What the exercise asks:
Return, from the material below, each line in which the word "first" is present.

Study material:
Lemma vnorm_scal k c (u : vec k) : vnorm (fun i => c * u i) = Rabs c * vnorm u.
Proof.
rewrite /vnorm dot_scaler dotC dot_scaler -Rmult_assoc sqrt_mult; [|nra|exact: dot_ge0].
by rewrite -sqrt_Rsqr_abs.
Qed.

Lemma vnorm_lincomb k a b (u v : vec k) :
  vnorm (fun i => a * u i + b * v i) <= Rabs a * vnorm u + Rabs b * vnorm v.
Proof. by rewrite -!vnorm_scal; exact: vnorm_add. Qed.

Lemma vnorm_vsubC k (u v : vec k) : vnorm (vsub u v) = vnorm (vsub v u).
Proof.
rewrite -[RHS]Rmult_1_l -Rabs_R1 -Rabs_Ropp -vnorm_scal.
by apply: vnorm_ext => i; rewrite /vsub; ring.
Qed.

Lemma vnorm_vsub_triangle k (u v w : vec k) :
  vnorm (vsub u w) <= vnorm (vsub u v) + vnorm (vsub v w).
Proof.
rewrite (vnorm_ext (v := fun i => vsub u v i + vsub v w i)); first exact: vnorm_add.
by move=> i; rewrite /vsub; ring.
Qed.

Lemma vnorm_vsub0 k (u : vec k) : vnorm (vsub u (fun _ => 0)) = vnorm u.
Proof. by apply: vnorm_ext => i; rewrite /vsub; ring. Qed.

Lemma vnorm_vsub_ge k (u v : vec k) : Rabs (vnorm u - vnorm v) <= vnorm (vsub u v).
Proof.
have := vnorm_vsub_triangle u v (fun _ => 0); have := vnorm_vsub_triangle v u (fun _ => 0).
rewrite !vnorm_vsub0 (vnorm_vsubC v u) => h1 h2.
by apply: Rabs_le; lra.
Qed.

Lemma Rabs_le_vnorm k (u : vec k) i : Rabs (u i) <= vnorm u.
Proof.
rewrite -sqrt_Rsqr_abs /vnorm; apply: sqrt_le_1_alt.
by apply: (@vsum_ge_term _ (fun j => u j * u j) i) => j; nra.
Qed.

Lemma mulmv_lincomb n m (A : mat n m) a b (u v : vec m) i :
  mulmv A (fun j => a * u j + b * v j) i = a * mulmv A u i + b * mulmv A v i.
Proof. by rewrite /mulmv -!vsum_scal -vsum_add; apply: vsum_ext => j; ring. Qed.

Lemma mulmv_vsub n m (A : mat n m) (u v : vec m) :
  mulmv A (vsub u v) = vsub (mulmv A u) (mulmv A v).
Proof.
by apply: functional_extensionality => i; rewrite /vsub /mulmv -vsum_sub; apply: vsum_ext => j; ring.
Qed.

Lemma mulmv_msub n m (A B : mat n m) w i : mulmv (msub A B) w i = mulmv A w i - mulmv B w i.
Proof. by rewrite /mulmv -vsum_sub; apply: vsum_ext => j; rewrite /msub; ring. Qed.

Lemma mulmv_scal n m (A : mat n m) h w i :
  mulmv (fun i j => h * A i j) w i = h * mulmv A w i.
Proof. by rewrite /mulmv -vsum_scal; apply: vsum_ext => j; ring. Qed.

Lemma mulmv0 n m (A : mat n m) i : mulmv A (fun _ => 0) i = 0.
Proof. by rewrite /mulmv /vsum big1 // => j _; ring. Qed.

Lemma vnorm_mulmv_le_mfrob n m (A : mat n m) (w : vec m) :
  vnorm (mulmv A w) <= mfrob A * vnorm w.
Proof.
apply: vnorm_le; first exact: Rmult_le_pos (sqrt_pos _) (vnorm_ge0 w).
set F := vsum (fun i => vsum (fun j => A i j * A i j)).
have F0 : 0 <= F by apply: vsum_ge0 => i; apply: vsum_ge0 => j; nra.
have -> : mfrob A * vnorm w * (mfrob A * vnorm w) = vsum (fun i => vsum (fun j => A i j * A i j) * dot w w).
  rewrite (vsum_ext (g := fun i => dot w w * vsum (fun j => A i j * A i j))) => [|i]; last ring.
  rewrite vsum_scal -/F -(vnorm_sqr w) /mfrob -/F.
  have := sqrt_sqrt F F0; nra.
by apply: vsum_le => i; exact: (dot_sqr_le (fun j => A i j) w).
Qed.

Answer for the task:
rewrite (vnorm_ext (v := fun i => vsub u v i + vsub v w i)); first exact: vnorm_add.
apply: vnorm_le; first exact: Rmult_le_pos (sqrt_pos _) (vnorm_ge0 w).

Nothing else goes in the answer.